Understanding the Sidecar Container:

The sidecar container, named s3-sync-sidecar, is responsible for syncing data from an AWS S3 bucket to a shared volume (/mnt/els-palms-data). This Kubernetes sidecar continuously runs a loop, executing the aws s3 sync command every 60 seconds to keep the data in sync. The --delete and --exact-timestamps flags ensure that the local volume mirrors the latest state of the S3 bucket.

This sidecar application is independent of the main application and can be reused across different deployments that require S3 synchronization.

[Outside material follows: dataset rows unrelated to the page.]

(* Let $\mathbb{F}_q$ be the finite field with $q$ elements and let $n=p^m$ be a prime power. Assume $\mathrm{char}(\mathbb{F}_q)\neq 2,3,p$. If either (1) $p=2$ and $q\equiv 1\pmod 4$, or (2) $p>2$ and $p\mid q-1$, then $\mathfrak{sl}_n(\mathbb{F}_q)$ has a COD.
   Context: $\mathfrak{sl}_n(\mathbb{F})$ denotes the Lie algebra of $n\times n$ traceless matrices over $\mathbb{F}$. A Cartan subalgebra is a nilpotent self-normalizing subalgebra. A classical Cartan subalgebra of $\mathfrak{L}=\mathfrak{sl}_n(\mathbb{F})$ (with $\ell=\mathrm{char}\,\mathbb{F}$) is an abelian Cartan subalgebra $H$ such that: (a) $\mathfrak{L}=\bigoplus_\alpha \mathfrak{L}_\alpha$ with $\mathfrak{L}_\alpha=\{x: [x,h]=\alpha(h)x\ \forall h\in H\}$ over linear functionals $\alpha$ on $H$ (roots); (b) for each root $\alpha\ne0$, $[\mathfrak{L}_\alpha,\mathfrak{L}_{-\alpha}]$ is one-dimensional; (c) for roots $\alpha,\beta$ with $\beta\neq0$, not all $\alpha+k\beta$ ($1\le k\le \ell-1$) are roots. The Killing form is $K(A,B)=2n\,\mathrm{Tr}(AB)$. A COD of $\mathfrak{sl}_n(\mathbb{F})$ is a vector space decomposition $\mathfrak{sl}_n(\mathbb{F})=H_0\oplus\cdots\oplus H_n$ into classical Cartan subalgebras that are pairwise orthogonal with respect to $K$. *)

From HB Require Import structures.
From mathcomp Require Import all_boot all_order all_algebra.
Unset Printing Implicit Defensive.
Import Order.TTheory GRing.Theory.
Local Open Scope ring_scope.

Section LieDefs.
Variables (F : finFieldType) (n : nat).
Local Notation M := 'M[F]_n.

Definition lbr (x y : M) : M := x *m y - y *m x.

Definition sl : {vspace M} := span (enum [pred x : M | \tr x == 0]).

Definition brsp (A B : {vspace M}) : {vspace M} :=
  span [seq lbr ab.1 ab.2 | ab <- enum [pred ab : M * M | (ab.1 \in A) && (ab.2 \in B)]].

Definition is_subalg (H : {vspace M}) : Prop :=
  (H <= sl)%VS /\ forall x y, x \in H -> y \in H -> lbr x y \in H.

Definition lie_nilpotent (H : {vspace M}) : Prop :=
  exists k : nat, iter k (brsp H) H = 0%VS.

Definition self_normalizing (H : {vspace M}) : Prop :=
  forall x, x \in sl -> (forall h, h \in H -> lbr x h \in H) -> x \in H.

Definition cartan (H : {vspace M}) : Prop :=
  [/\ is_subalg H, lie_nilpotent H & self_normalizing H].

Definition lie_abelian (H : {vspace M}) : Prop :=
  forall x y, x \in H -> y \in H -> lbr x y = 0.

(* Linear functionals on H are represented by their values on the basis
   vbasis H, i.e. by row vectors a : 'rV_(\dim H); this is a bijection
   with the dual space of H. *)
Definition fval (H : {vspace M}) (a : 'rV[F]_(\dim H)) (h : M) : F :=
  \sum_(i < \dim H) a 0 i * coord (vbasis H) i h.

Definition rootsp (H : {vspace M}) (a : 'rV[F]_(\dim H)) : {vspace M} :=
  span (enum [pred x : M | (x \in sl) &&
        [forall h : M, (h \in H) ==> (lbr x h == fval H a h *: x)]]).

Definition is_root (H : {vspace M}) (a : 'rV[F]_(\dim H)) : bool :=
  rootsp H a != 0%VS.

Definition classical_cartan (H : {vspace M}) : Prop :=
  [/\ cartan H, lie_abelian H,
      sl = (\sum_(a : 'rV[F]_(\dim H)) rootsp H a)%VS
        /\ directv (\sum_(a : 'rV[F]_(\dim H)) rootsp H a)%VS,
      (forall a, is_root H a -> a != 0 -> \dim (brsp (rootsp H a) (rootsp H (- a))) = 1%N)
    &
      (forall (l : nat) a b, l \in [pchar F] -> is_root H a -> is_root H b -> b != 0 ->
         ~ (forall k : nat, (1 <= k <= l.-1)%N -> is_root H (a + k%:R *: b)))].

Definition killing (A B : M) : F := (2 * n)%:R * \tr (A *m B).

Definition has_COD : Prop :=
  exists H : 'I_n.+1 -> {vspace M},
    [/\ sl = (\sum_i H i)%VS, directv (\sum_i H i)%VS,
        (forall i, classical_cartan (H i))
      & forall i j, i != j -> forall x y, x \in H i -> y \in H j -> killing x y = 0].

End LieDefs.

From Pilot Require Import Defs.
From HB Require Import structures.
From mathcomp Require Import all_boot all_order all_algebra all_fingroup all_solvable all_field.
From mathcomp Require Import zify ring.
Set Implicit Arguments. Unset Strict Implicit. Unset Printing Implicit Defensive.
Import Order.TTheory GRing.Theory.
Local Open Scope ring_scope.

(* Write F^n in a basis (a frame).  The traceless matrices diagonal in the frame form a
   classical Cartan subalgebra of sl_n as soon as 2, 3 and n are invertible in F: its
   roots are the e_t - e_s and its root spaces the lines spanned by the matrix units of
   the frame.  Two such subalgebras are orthogonal for the trace form when the frames
   are mutually unbiased, i.e. (Q P')_st (Q' P)_ts does not depend on s and t, so n + 1
   mutually unbiased frames give a COD.  For n = p^m they come from K = F_(p^m): given an
   additive character chi : K -> F and, for each a in K, a quadratic phase f_a with
   f_a(y + t) = f_a(y) f_a(t) chi(a y t), take the standard basis and the bases
   (f_a(y) chi(y t))_y; unbiasedness is the Gauss-sum identity
   |sum_y (f_b / f_a)(y) chi(d y)|^2 = |K|.  A nontrivial chi needs a primitive p-th root
   of unity in F (p | q - 1).  For p odd, f_a(y) = chi(a y^2 / 2); for p = 2, chi takes
   values +-1 and f_a needs a square root of -1 in F (q = 1 mod 4). *)

Lemma mxtrace_delta (R : nzRingType) n (i j : 'I_n) :
  \tr (delta_mx i j : 'M[R]_n) = (i == j)%:R.
Proof.
rewrite /mxtrace (bigD1 i) //= mxE eqxx big1 ?addr0 // => k /negPf ki.
by rewrite mxE ki.
Qed.

Section RootSpaces.
Variables (F : finFieldType) (n : nat).
Local Notation M := 'M[F]_n.
Local Notation fval := (fval F n).
Local Notation lbr := (lbr F n).
Local Notation rootsp := (rootsp F n).
Local Notation sl := (sl F n).
Implicit Types (H : {vspace M}) (x h : M).

Lemma mem_span_enum (S : pred M) : S 0 ->
    (forall c x y, S x -> S y -> S (c *: x + y)) ->
  forall x, (x \in span (enum S)) = S x.
Proof.
move=> S0 S_lin x; apply/idP/idP => [|Sx]; last by apply: memv_span; rewrite mem_enum.
have -> : span (enum S) = span (in_tuple (enum S)) by [].
move/coord_span ->; elim/big_ind: _ => // [u v Su Sv|i _].
  by rewrite -[u]scale1r; apply: S_lin.
rewrite -[_ *: _]addr0; apply: S_lin => //.
have : (in_tuple (enum S))`_i \in enum S by apply: mem_nth.
by rewrite mem_enum.
Qed.

Lemma mem_sl x : (x \in sl) = (\tr x == 0).
Proof.
rewrite mem_span_enum //= ?mxtrace0 // => c u v /eqP tu /eqP tv.
by rewrite mxtraceD mxtraceZ tu tv mulr0 addr0.
Qed.

Lemma sl_lker : sl = lker (linfun (@mxtrace F n : M -> F^o)).
Proof. by apply/vspaceP => x; rewrite memv_ker lfunE mem_sl. Qed.

Lemma dim_capv_sl (U : {vspace M}) A :
  A \in U -> \tr A != 0 -> \dim (U :&: sl) = (\dim U).-1.
Proof.
move=> AU trA; rewrite sl_lker; set tr := linfun _.
have dim_img : \dim (tr @: U) = 1%N.
  apply/eqP; rewrite eqn_leq (leq_trans (dimvS (subvf _))) ?dimvf //= lt0n dimv_eq0.
  by apply: contraNneq trA => img0; have := memv_img tr AU; rewrite img0 memv0 lfunE.
by have := limg_ker_dim tr U; rewrite dim_img addn1 => <-.
Qed.

Lemma dim_sl : (0 < n)%N -> \dim sl = (n * n).-1.
Proof.
move=> n_gt0; pose i0 := Ordinal n_gt0.
rewrite -[sl]capfv (@dim_capv_sl _ (delta_mx i0 i0)) ?memvf ?dimvf ?dim_matrix //.
by rewrite mxtrace_delta eqxx oner_eq0.
Qed.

The Importance of Shared Volumes:

The deployment defines a shared volume (shared-data) using emptyDir. This allows both the primary container and the sidecar container to access the same synchronized data. Kubernetes sidecar containers often use shared volumes for data persistence, log collection (e.g., Fluent Bit sidecar), and inter-container communication.

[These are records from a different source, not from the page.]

(* Let $R$ be an algebra over a field $\mathbb{F}$ with more than two elements. Then $R$ is of right invariant module type if and only if every indecomposable right $R$-module is automorphism-invariant.
   Context: Algebras are associative with identity; modules are unital right modules. $E(M)$ denotes the injective hull of $M$. A module $M$ is quasi-injective if every homomorphism from a submodule of $M$ to $M$ extends to an endomorphism of $M$. A module $M$ is automorphism-invariant if $\sigma(M)\subseteq M$ for every automorphism $\sigma$ of $E(M)$. A ring $R$ is of right invariant module type if every indecomposable right $R$-module is quasi-injective. *)

From HB Require Import structures.
From mathcomp Require Import all_boot all_order all_algebra.
Set Implicit Arguments. Unset Strict Implicit. Unset Printing Implicit Defensive.
Import GRing.Theory.
Local Open Scope ring_scope.

(* Convention: a unital right R-module is a left module over the converse
   ring R^c; for m : M and r : R, the right action m.r is (r : R^c) *: m. *)
Notation rmodType R := (lmodType (R^c)%type).

Section ModuleNotions.
Variable R : pzRingType.

Definition ract (M : rmodType R) (m : M) (r : R) : M := (r : R^c) *: m.

Definition is_submodule (M : rmodType R) (S : pred M) : Prop :=
  [/\ 0 \in S, (forall x y, x \in S -> y \in S -> x + y \in S)
    & (forall x r, x \in S -> ract x r \in S)].

Definition hom_on (M N : rmodType R) (S : pred M) (f : M -> N) : Prop :=
  (forall x y, x \in S -> y \in S -> f (x + y) = f x + f y) /\
  (forall x r, x \in S -> f (ract x r) = ract (f x) r).

Definition quasi_injective (M : rmodType R) : Prop :=
  forall (S : pred M) (f : M -> M), is_submodule S -> hom_on S f ->
  exists g : {linear M -> M}, forall x, x \in S -> g x = f x.

Definition injective_module (E : rmodType R) : Prop :=
  forall (A B : rmodType R) (f : {linear A -> B}) (g : {linear A -> E}),
  injective f -> exists h : {linear B -> E}, forall a, h (f a) = g a.

Definition essential_mono (M E : rmodType R) (i : {linear M -> E}) : Prop :=
  injective i /\
  forall S : pred E, is_submodule S -> (exists2 x, x \in S & x != 0) ->
    exists m, i m \in S /\ i m != 0.

Definition injective_hull (M E : rmodType R) (i : {linear M -> E}) : Prop :=
  injective_module E /\ essential_mono i.

Definition automorphism_invariant (M : rmodType R) : Prop :=
  forall (E : rmodType R) (i : {linear M -> E}), injective_hull i ->
  forall sigma : {linear E -> E}, bijective sigma ->
  forall m : M, exists m' : M, sigma (i m) = i m'.

Definition indecomposable (M : rmodType R) : Prop :=
  (exists x : M, x != 0) /\
  forall A B : pred M, is_submodule A -> is_submodule B ->
    (forall x, x \in A -> x \in B -> x = 0) ->
    (forall x, exists a b, [/\ a \in A, b \in B & x = a + b]) ->
    (forall a, a \in A -> a = 0) \/ (forall b, b \in B -> b = 0).

Definition right_invariant_module_type : Prop :=
  forall M : rmodType R, indecomposable M -> quasi_injective M.

End ModuleNotions.

From HB Require Import structures.
From mathcomp Require Import all_boot all_order all_algebra.
From mathcomp Require Import boolp classical_sets.
Set Implicit Arguments. Unset Strict Implicit. Unset Printing Implicit Defensive.
Import GRing.Theory.
Local Open Scope classical_set_scope.
Local Open Scope ring_scope.

(* Fix an injective hull i : M -> E.
   (->) A quasi-injective M is stable under every endomorphism of E.
   (<-) Pick c in F with c <> 0, 1.  The projection onto A of a decomposition
   E = A + B is (sigma - c)/(1 - c), sigma being the automorphism equal to 1
   on A and c on B; so it preserves i(M) and induces a decomposition of M,
   whence E is indecomposable.  Then E is uniform and its monomorphisms are
   automorphisms, so for any endomorphism tau either tau or tau - 1 is an
   automorphism; either way tau preserves i(M), and this invariance under all
   endomorphisms of E is equivalent to quasi-injectivity of M. *)

Lemma subr_swap (V : zmodType) (a b c d : V) : a + b = c + d -> c - a = b - d.
Proof. by move=> e; apply/eqP; rewrite subr_eq addrAC (addrC b) e addrK. Qed.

Kubernetes Logging Best Practices with Sidecars:

Using a Logging Sidecar:
- Instead of configuring logging within the primary application, a separate container (e.g., a Fluent Bit sidecar) can collect logs and forward them to a centralized logging system.
Using Container Watchdog Sidecar:
- A watchdog sidecar container can be used to monitor the primary container’s health and restart it if needed.
K8s Pod Container Run Command After Container Started:
- If you need to execute commands after the main container starts, a custom sidecar can watch the logs and trigger actions.

ECS Sidecar Containers:

In AWS ECS (Elastic Container Service), sidecar containers are also widely used. ECS sidecar containers function similarly to Kubernetes sidecars, enabling log forwarding, proxying, and data synchronization in ECS task definitions.

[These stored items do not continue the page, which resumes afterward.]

Lemma act_pair_injective W (k k' : LMap W (actdom X)) :
  act X \o k ==L act X \o k' -> aq2 X \o k ==L aq2 X \o k' -> k ==L k'.
Proof.
  intros H1 H2. destruct (bprincipal PX) as [t [T1 [T2 [s [S1 S2]]]]].
  assert (U : t \o k ==L t \o k').
  { apply (pullback_jointly_mono (kerpair_pb PX)); pointwise;
      [rewrite T1; apply H1 | rewrite T2; apply H2]. }
  pointwise. rewrite <- (S1 u), U, S1. reflexivity.
Qed.

Lemma principal_stabilizer_trivial W (k : LMap W (actdom X)) :
  act X \o k ==L aq2 X \o k -> aq1 X \o k ==L ge G \o anchor X \o aq2 X \o k.
Proof.
  intro Hfix.
  destruct (act_pair_exists (g := ge G \o anchor X \o aq2 X \o k) (x := aq2 X \o k))
    as [k0 [K1 K2]].
  { pose proof (@gd_e G) as E. pointwise. rewrite E. reflexivity. }
  assert (Hk0 : act X \o k0 ==L aq2 X \o k0).
  { transitivity (aq2 X \o k); [| symmetry; exact K2].
    apply act_unit; [pointwise; rewrite K1; reflexivity | exact K2]. }
  assert (E : k ==L k0).
  { apply act_pair_injective; pointwise; [rewrite Hfix, Hk0, K2 | rewrite K2]; reflexivity. }
  pointwise. rewrite E, K1. reflexivity.
Qed.
End Principal.

Section EquivariantMap.
Variables (X Y : GLocale G) (M N : Locale) (PX : PrincipalBundle X M) (PY : PrincipalBundle Y N).
Variables (f : LMap (gX X) (gX Y)) (Hf : equivariant f).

Why Use the Sidecar Pattern?

By implementing the sidecar pattern in your Kubernetes deployments, you can achieve the following advantages:

Separation of Concerns:
- The main application container focuses on its primary function while the sidecar container handles supporting tasks like logging, data synchronization, or security.
Reusability:
- A well-designed sidecar container (e.g., docker sidecar for logging) can be reused across multiple projects, reducing development time.
Flexibility:
- The sidecar container can be updated, replaced, or modified independently of the main application, offering better maintainability.
Scalability:
- With Kubernetes sidecar containers, additional functionalities can be introduced without modifying the main application, making deployments more modular.

Conclusion:

In this blog post, we've explored the sidecar container pattern and its real-world application in Kubernetes. From data synchronization with AWS S3 to logging best practices using Fluent Bit sidecars, we've seen how this architecture enhances flexibility, maintainability, and scalability in containerized applications.

Whether you are using Kubernetes, Docker, or ECS, understanding and leveraging sidecar containers can significantly improve your application’s resilience and extensibility. If you're considering implementing sidecar containers, start with a simple use case like data synchronization or log aggregation, and expand from there!